• **DIRECTIONS**
Compute how many lines in the entries below include the string "Section". Only the number is wanted.

• **GIVEN DATA**

Lemma failure_prob_le_laplace_gt (X : {RV P >-> R}) (b u : R) :
  laplace_law P X b -> 0 < b -> 0 <= u ->
  failure_prob_le (2^-1 * expR (- u)) [set w | - (b * u) < X w].
Proof.
move=> hX b0 u0; exists (X @^-1` `]-oo, - (b * u)]); split.
- exact: measurable_funPTI.
- by rewrite laplace_lower_tail.
- by move=> w /=; rewrite in_itv /= ltNge => /negP.
Qed.

Lemma probability_itvNy_le_compl (X : {RV P >-> R}) (s c : R) : s < c ->
  (P (X @^-1` `]-oo, s]) <= 1 - P (X @^-1` `[c, +oo[))%E.
Proof.
move=> sc; rewrite -probability_setC; last exact: measurable_funPTI.
apply: le_measure; rewrite ?inE.
- exact: measurable_funPTI.
- exact/measurableC/measurable_funPTI.
by move=> w /=; rewrite !in_itv /= andbT => ws /(lt_le_trans (le_lt_trans ws sc)); rewrite ltxx.
Qed.

Lemma failure_prob_le_independent_gt (Z : nat -> {RV P >-> R}) (J : seq nat) (s c p : R) :
  mutually_independent P (fun j => Z j : T -> R) -> uniq J -> s < c -> p <= 1 ->
  (forall j, j \in J -> P (Z j @^-1` `[c, +oo[) = p%:E) ->
  failure_prob_le ((1 - p) ^+ size J) [set w | exists2 j, j \in J & s < Z j w].
Proof.
move=> hind uJ sc p1 hp.
exists (\bigcap_(j in [set j | j \in J]) Z j @^-1` `]-oo, s]); split.
- by apply: bigcap_measurableType => j _; exact: measurable_funPTI.
- rewrite (hind J (fun=> `]-oo, s]%classic) uJ (fun=> measurable_itv _)).
  apply: lee_prode_cst => [|j jJ]; first by rewrite subr_ge0.
  rewrite measure_ge0 /= EFinB -(hp j jJ).
  exact: probability_itvNy_le_compl.
- move=> w /= nw; apply: contrapT => nex; apply: nw => j /= jJ.
  by rewrite in_itv /= leNgt; apply/negP => sj; apply: nex; exists j.
Qed.

End failure_probability.

Section lp_del_n.
Context {R : realType} (V : finType) (adj : rel V).

Let lp_values (tau : R) :=
  [set r : R | exists x y, lp_feasible adj tau x y /\ r = - \sum_(v : V) x v].

Lemma sum_adj_cst (v : V) (c : R) : \sum_(u | adj v u) c = c * (degv adj v)%:R.
Proof. by rewrite mulr_natr -sumr_const; apply: eq_bigl => u; apply/idP/idP; rewrite in_setE. Qed.

Lemma lp_values_ub (tau : R) : ubound (lp_values tau) 0.
Proof.
move=> _ [x [y [[_ [_ [_ [hx _]]]] ->]]].
by rewrite oppr_le0; apply: sumr_ge0 => v _; case/andP: (hx v).
Qed.

Lemma lp_values_has_sup (tau : R) : 0 <= tau -> has_sup (lp_values tau).
Proof.
move=> tau0; split; last by exists 0; exact: lp_values_ub.
exists (- \sum_(v : V) 1), (fun=> 1), (fun _ _ => 0); split=> //.
split=> //; split; first by move=> u v _; rewrite subrr add0r lerN10.
split; first by move=> v; rewrite big1.
by split=> [v|u v _]; rewrite ler01 lexx.
Qed.

Lemma Q_LP_le0 (tau : R) : 0 <= tau -> Q_LP adj tau <= 0.
Proof. by move=> /lp_values_has_sup[ne _]; apply: ge_sup => //; exact: lp_values_ub. Qed.

Lemma Q_LP_ge0 (tau : R) : (maxdeg adj)%:R <= tau -> 0 <= Q_LP adj tau.
Proof.
move=> Dtau; have tau0 : 0 <= tau by apply: le_trans Dtau.
apply: sup_upper_bound; first exact: lp_values_has_sup.
exists (fun=> 0), (fun _ _ => 1); split; last by rewrite big1 ?oppr0.
split=> //; split; first by move=> u v _; rewrite !subr0.
split.
  move=> v; rewrite sum_adj_cst mul1r; apply: le_trans Dtau.
  by rewrite ler_nat /maxdeg (leq_bigmax v).
by split=> [v|u v _]; rewrite lexx ler01.
Qed.

Lemma feasible_deg_le (tau : R) x y v : lp_feasible adj tau x y -> x v < 2^-1 ->
  (degv adj v)%:R <= 2 * (tau + \sum_(u : V) x u).
Proof.
move=> [_ [hy [hsum [hx _]]]] xv.
have x0 u : 0 <= x u by case/andP: (hx u).
have edges : \sum_(u | adj v u) (1 - x v - x u) <= tau.
  by apply: le_trans (hsum v); apply: ler_sum => u /hy.
have nbrs : \sum_(u | adj v u) x u <= \sum_(u : V) x u.
  by rewrite [leRHS](bigID (adj v)) /= lerDl; apply: sumr_ge0.
rewrite sumrB sum_adj_cst in edges.
have : 2^-1 * (degv adj v)%:R <= (1 - x v) * (degv adj v)%:R by apply: ler_wpM2r => //; lra.
lra.
Qed.

Lemma Nt_le_feasible (tau t : R) x y : lp_feasible adj tau x y ->
  2 * (tau + \sum_(v : V) x v) < t -> (Nt adj t)%:R <= 2 * \sum_(v : V) x v.
Proof.
move=> fxy ht; have x0 v : 0 <= x v by case: fxy => _ [_ [_ [/(_ v)/andP[]]]].
have heavy v : v \in [set v | t <= (degv adj v)%:R] -> 2^-1 <= x v.
  rewrite in_setE /= => tv; rewrite leNgt; apply/negP => /(feasible_deg_le fxy); lra.
suff : (Nt adj t)%:R * 2^-1 <= \sum_(v : V) x v by lra.
rewrite mulrC mulr_natr -sumr_const; apply: le_trans (ler_sum _ heavy) _.
by rewrite [leRHS](bigID (mem [set v | t <= (degv adj v)%:R])) /= lerDl; apply: sumr_ge0.
Qed.

Lemma Nt_le_Q_LP (tau t : R) : 0 <= tau -> 2 * (tau - Q_LP adj tau) < t ->
  (Nt adj t)%:R <= 2 * (- Q_LP adj tau).
Proof.
move=> tau0 ht; apply/ler_addgt0Pr => e e0.
set e' := Num.min (e / 2) ((t - 2 * (tau - Q_LP adj tau)) / 2).
have e'0 : 0 < e' by rewrite lt_min !divr_gt0 // subr_gt0.
have e'e : e' <= e / 2 by rewrite ge_min lexx.
have e't : e' <= (t - 2 * (tau - Q_LP adj tau)) / 2 by rewrite ge_min lexx orbT.
have [_ [x [y [fxy ->]]] hr] := sup_adherent e'0 (lp_values_has_sup tau0).
have := Nt_le_feasible (t := t) fxy; rewrite -/(Q_LP adj tau) in hr; lra.
Qed.

End lp_del_n.

Lemma up_log2_bounds n : (0 < n)%N -> (n <= 2 ^ up_log 2 n < n.*2)%N.
Proof.
move=> n0; case: (leqP n 1) => [n_le1|n_gt1].
  by have -> : n = 1%N by lia.
have /andP[lo hi] := up_log_bounds (isT : (1 < 2)%N) n_gt1.
rewrite hi /=; move: lo; have := up_log_gt0 2 n; rewrite n_gt1 /=.
by case: (up_log 2 n) => // k _; rewrite expnS /= -muln2; lia.
Qed.

Lemma up_log2S_le_log2 {R : realType} n : (0 < n)%N ->
  ((up_log 2 n).+1)%:R <= log2 (4 * n%:R : R).
Proof.
move=> /up_log2_bounds/andP[_ hi]; have ln2 : 0 < ln (2 : R) by rewrite ln_gt0 ?ltr1n.
rewrite /log2 ler_pdivlMr // [leLHS]mulr_natl -lnXn ?ltr0n // ler_ln ?posrE ?exprn_gt0 //.
  by rewrite -natrX -natrM ler_nat expnS; lia.
by rewrite mulr_gt0 ?ltr0n //; case: n hi.
Qed.

Section sparse_vector.
Context {R : realType} (V : finType) (adj : rel V) (eps beta delta : R).

Definition passes (z : nat -> R) (k : nat) : Prop :=
  thrT eps beta + z 0%N < Qtilde adj z k.

Lemma stops_at_first_pass (z : nat -> R) n : passes z n ->
  exists k, stops_at adj eps beta z k /\ (k <= n)%N.
Proof.
move=> pn; have ex : exists k, `[< passes z k >] by exists n; exact/asboolP.
case: (ex_minnP ex) => k /asboolP pk kmin.
exists k; split; last exact/kmin/asboolP.
by split=> // j jk /asboolP /kmin; rewrite leqNgt jk.
Qed.

Lemma passesE (z : nat -> R) k : passes z k <->
  - Q_LP adj (2 ^+ k : R) < z k.+2 - z 0%N + 8 / eps * ln (4 / beta).
Proof. by rewrite /passes /Qtilde /thrT; split=> ?; lra. Qed.

Let ML := 6 / eps * ln (Num.max (1 / delta) (2 / beta)).

Lemma tau_star_ge (z : nat -> R) k : - ML <= z 1%N ->
  3 * 2 ^+ k + 3 * - Q_LP adj (2 ^+ k) + 1 <= tau_star adj eps beta delta z k.
Proof. by move=> z1; rewrite /tau_star -/ML ler0_norm ?Q_LP_le0 ?exprn_ge0 //; lra. Qed.

Lemma Nt_tau_star_le (z : nat -> R) k : - ML <= z 1%N ->
  (Nt adj (tau_star adj eps beta delta z k))%:R <= 2 * - Q_LP adj (2 ^+ k : R).
Proof.
move=> z1; apply: Nt_le_Q_LP; first exact: exprn_ge0.
have := tau_star_ge k z1; have := Q_LP_le0 adj (exprn_ge0 k (ler0n R 2)).
have : 1 <= 2 ^+ k :> R by apply: exprn_ege1; rewrite ler1n.
lra.
Qed.

Lemma tau_star_Nt_le (z : nat -> R) k : - ML <= z 1%N ->
  let ts := tau_star adj eps beta delta z k in ts + (Nt adj ts)%:R <= 2 * ts.
Proof.
move=> z1 /=; have := tau_star_ge k z1; have := Nt_tau_star_le k z1.
have := Q_LP_le0 adj (exprn_ge0 k (ler0n R 2)); have : 0 <= 2 ^+ k :> R by exact: exprn_ge0.
lra.
Qed.

End sparse_vector.

Lemma ln_div_ge0 {R : realType} (a x : R) : 0 < x <= 1 -> 1 <= a -> 0 <= ln (a / x).
Proof. by move=> /andP[x0 x1] a1; rewrite ln_ge0 // ler_pdivlMr // mul1r (le_trans x1). Qed.

Lemma half_expR_Nln {R : realType} (a : R) : 0 < a -> 2^-1 * expR (- ln a) = (2 * a)^-1.
Proof. by move=> a0; rewrite expRN lnK ?posrE // invfM. Qed.

Lemma ln_le_maxl {R : realType} (x y : R) : 0 < x -> 0 < y -> ln x <= ln (Num.max x y).
Proof. by move=> x0 y0; rewrite ler_ln ?posrE ?le_max ?lexx // lt_max x0. Qed.

Lemma ln_le_maxr {R : realType} (x y : R) : 0 < x -> 0 < y -> ln y <= ln (Num.max x y).
Proof. by move=> x0 y0; rewrite ler_ln ?posrE ?le_max ?lexx ?orbT // lt_max y0 orbT. Qed.

Section noisy_rounds.
Context {R : realType} (d : measure_display) (T : measurableType d).
Context (P : probability T R) (Z : nat -> {RV P >-> R}).
Context (V : finType) (adj : rel V) (eps beta delta : R).
Hypotheses (eps_gt0 : 0 < eps) (beta01 : 0 < beta < 1) (delta01 : 0 < delta < 1).
Hypothesis has_edge : exists u v, adj u v.
Hypotheses (Z0_law : laplace_law P (Z 0%N) (4 / eps))
  (Z1_law : laplace_law P (Z 1%N) (6 / eps))
  (Zround_law : forall k, laplace_law P (Z k.+2) (4 / eps)).

Let D : R := (maxdeg adj)%:R.
Let k0 := up_log 2 (maxdeg adj).
Let A := 4 / eps * ln (4 / beta).
Let C := 4 / eps * (ln (log2 (4 * D)) + ln (4 / beta)).
Let M := 6 / eps * ln (2 / beta).

Lemma maxdeg_gt0 : (0 < maxdeg adj)%N.
Proof.
have [u [v uv]] := has_edge; apply: leq_trans (leq_bigmax u).
by apply/card_gt0P; exists v; rewrite in_setE.
Qed.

• **RESULT OF THE EXERCISE**
3